La primera charla que mantuvo a la sombra del flamboyán con la que habría de ser más tarde su patrona, fue un claro ejemplo de su normal comportamiento y su forma de actuar.

—Me han asegurado que sois un magnífico oficial que empezó de grumete y un hombre íntegro, digno de toda confianza… —le espetó de entrada, amablemente,
Doña Mariana
, en un intento de aproximación a un personaje que parecía encontrarse siempre muy lejos del lugar que ocupaba, aunque éste fuera un asiento a metro y medio de distancia.

—Serían amigos.

—Y que no os importaría obedecer las órdenes de una mujer.

—Eso depende.

—¿De qué?

—De las órdenes.

—Se trata de buscar a un hombre.

—Bien.

—¿No deseáis saber quién es ese hombre?

—No.

—¿Ni dónde hay que buscarlo?

—Tampoco.

—¿Por qué?

—Aún es pronto.

—Entiendo… ¿Os molestaría mi presencia a bordo?

—Sí.

—¿Y la de un niño?

—También.

—¿Y aun así aceptaríais?

—Sí.

—¿Por qué? —insistió ella un tanto enervada por la impenetrable coraza con que parecía protegerse su escurridizo interlocutor.

—Por hambre.

—¿Hambre? Me consta que acabáis de rechazar el mando de una carraca con destino a Guinea.

—Y es cierto…

—¿Por qué lo hicisteis?

—No soy negrero.

—Muy noble por vuestra parte… —La alemana lanzó un hondo suspiro—. ¿Os han dicho alguna vez, capitán, que intentar hablar con vos desespera a cualquiera?

—Sí.

—¿Estáis casado?

—No.

—¿Dónde nacisteis?

—En el mar.

—¿En un barco?

—Sí.

—¿Y vuestros padres de dónde eran?

—Lo ignoro. Unos pescadores me recogieron a bordo de una nave a la deriva.

—¡Santo cielo! Ahora comprendo la razón de vuestro curioso nombre: Moisés Salado. ¿Realmente os gusta?

—Como cualquier otro.

—¡Menos mal! —suspiró ella, nuevamente—. Resumiendo: creo que no seréis un envidiable contertulio durante las noches al pairo, por lo que me cuidaré de aprovisionarme de buenos libros, pero creo, también, que sois el hombre que ando buscando. ¿Cuáles son vuestras pretensiones económicas?

—Ninguna.

—¿Estáis seguro?

—Mandar un buen barco me basta.

—El mío será el mejor.

—Lo sé.

—¿Conocéis a Sixto Vizcaíno?

—Sí.

—El os recomendó.

—Lo sé.

Y así podía continuar hasta el infinito, pero Ingrid Grass, ahora ya
Doña Mariana Montenegro
, jamás tuvo que arrepentirse de la elección que hiciera aquella calurosa mañana de abril, ya que
El Deslenguado
Capitán Moisés Salado demostró ser un hombre íntegro, fiel, eficaz y casi tan decidido y valiente como aquel diminuto Ojeda, cuya afilada lengua tenía fama de ser aún más peligrosa que su invencible espada.

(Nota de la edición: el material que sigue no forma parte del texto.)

(* A set of representatives for the double cosets $\mathcal{B}\backslash\mathcal{K}/\mathcal{B}$ is $$\left\{\begin{pmatrix}1&0\\0&1\end{pmatrix},\ \begin{pmatrix}0&1\\1&0\end{pmatrix},\ \begin{pmatrix}1&0\\ \sqrt\epsilon\,\varpi^k&1\end{pmatrix}\ \middle|\ k\ge1\right\}.$$
   Context: Let $F$ be a non-archimedean local field with odd residual characteristic, ring of integers $\mathcal{O}_F$, uniformizer $\varpi$. Fix a non-square $\epsilon\in\mathcal{O}_F^\times$, $E=F[\sqrt\epsilon]$ with ring of integers $\mathcal{O}_E$; $\overline{x}$ is Galois conjugation. $G=\{g\in\mathrm{GL}_2(E):\overline{g}^{\top}\mathrm{w}g=\mathrm{w}\}$ with $\mathrm{w}=\begin{pmatrix}0&1\\1&0\end{pmatrix}$, $\mathcal{K}=G\cap M_2(\mathcal{O}_E)$, $B$ the subgroup of upper triangular matrices in $G$, and $\mathcal{B}=B\cap\mathcal{K}$. *)

From HB Require Import structures.
From mathcomp Require Import all_boot all_order all_algebra.
Set Implicit Arguments. Unset Strict Implicit. Unset Printing Implicit Defensive.
Import Order.TTheory GRing.Theory Num.Theory.
Local Open Scope ring_scope.

(* A discrete valuation v : F^x -> Z, normalized (surjective); the value v 0
   is irrelevant (junk) and never used. *)
Section LocalField.
Variable F : fieldType.
Variable v : F -> int.

Definition is_normalized_discrete_valuation : Prop :=
  [/\ (forall x y : F, x != 0 -> y != 0 -> v (x * y) = v x + v y),
      (forall x y : F, x != 0 -> y != 0 -> x + y != 0 ->
          Num.min (v x) (v y) <= v (x + y)) &
      (exists x : F, x != 0 /\ v x = 1)].

(* x is "N-close to 0": |x| <= q^{-N} *)
Definition vge (N : int) (x : F) : Prop := x = 0 \/ N <= v x.

Definition inO (x : F) : Prop := vge 0 x.
Definition inP (x : F) : Prop := vge 1 x.

Definition cauchy_seq (u : nat -> F) : Prop :=
  forall N : int, exists n0 : nat, forall m n : nat,
    (n0 <= m)%N -> (n0 <= n)%N -> vge N (u m - u n).

Definition converges_to (u : nat -> F) (l : F) : Prop :=
  forall N : int, exists n0 : nat, forall n : nat, (n0 <= n)%N -> vge N (u n - l).

Definition complete_valued : Prop :=
  forall u : nat -> F, cauchy_seq u -> exists l : F, converges_to u l.

Definition finite_residue_field : Prop :=
  exists s : seq F, (forall y, y \in s -> inO y) /\
    forall x, inO x -> exists2 y, y \in s & inP (x - y).

Definition nonarch_local_field : Prop :=
  [/\ is_normalized_discrete_valuation, complete_valued & finite_residue_field].

(* residual characteristic is odd  <->  2 is not in the maximal ideal *)
Definition odd_residual_char : Prop := ~ inP 2.

Definition uniformizer (w : F) : Prop := w != 0 /\ v w = 1.

End LocalField.

(* An element (a, b) : F * F stands for a + b sqrt(eps). *)
Section Unitary.
Variable F : fieldType.
Variable eps : F.

Definition Eelt := (F * F)%type.
Definition ezero : Eelt := (0, 0).
Definition eone : Eelt := (1, 0).
Definition eadd (x y : Eelt) : Eelt := (x.1 + y.1, x.2 + y.2).
Definition eopp (x : Eelt) : Eelt := (- x.1, - x.2).
Definition emul (x y : Eelt) : Eelt :=
  (x.1 * y.1 + eps * (x.2 * y.2), x.1 * y.2 + x.2 * y.1).
Definition econj (x : Eelt) : Eelt := (x.1, - x.2).

Record M2 := mkM2 { m11 : Eelt; m12 : Eelt; m21 : Eelt; m22 : Eelt }.

Definition mmul (A B : M2) : M2 :=
  mkM2 (eadd (emul (m11 A) (m11 B)) (emul (m12 A) (m21 B)))
       (eadd (emul (m11 A) (m12 B)) (emul (m12 A) (m22 B)))
       (eadd (emul (m21 A) (m11 B)) (emul (m22 A) (m21 B)))
       (eadd (emul (m21 A) (m12 B)) (emul (m22 A) (m22 B))).

Definition mstar (A : M2) : M2 :=
  mkM2 (econj (m11 A)) (econj (m21 A)) (econj (m12 A)) (econj (m22 A)).

Definition mdet (A : M2) : Eelt :=
  eadd (emul (m11 A) (m22 A)) (eopp (emul (m12 A) (m21 A))).

Definition mid : M2 := mkM2 eone ezero ezero eone.
Definition mw : M2 := mkM2 ezero eone eone ezero.

Definition inG (g : M2) : Prop := mdet g <> ezero /\ mmul (mmul (mstar g) mw) g = mw.

Variable v : F -> int.
(* O_E = O_F[sqrt eps] (E/F unramified since eps is a non-square unit) *)
Definition inOE (x : Eelt) : Prop := inO v x.1 /\ inO v x.2.

Definition inK (g : M2) : Prop :=
  inG g /\ [/\ inOE (m11 g), inOE (m12 g), inOE (m21 g) & inOE (m22 g)].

La forma en que consiguió entenderse con el habilidoso carpintero de Guetaria constituyó un misterio para todos, pero lo cierto es que al día siguiente de su contratación se instaló en un rincón del astillero, colaborando en la gestación y puesta a punto de «su barco» a tal extremo que podría asegurarse que conocía una por una cada cuaderna y cada tabla, y que no existía una sola juntura del casco, la sentina o la cubierta que no hubiese inspeccionado con obsesiva meticulosidad.

Idéntico empeño puso a la hora de elegir a su tripulación, para lo cual solía pasear muy despacio por los tinglados del puerto, observando con ojos aparentemente distraídos a cuantos faenaban en las naves, estudiando su forma de moverse por cubierta o trepar a los palos, para, tomando asiento a la caída de la noche en las tabernas, continuar analizando el comportamiento de aquellos en quienes había reparado anteriormente.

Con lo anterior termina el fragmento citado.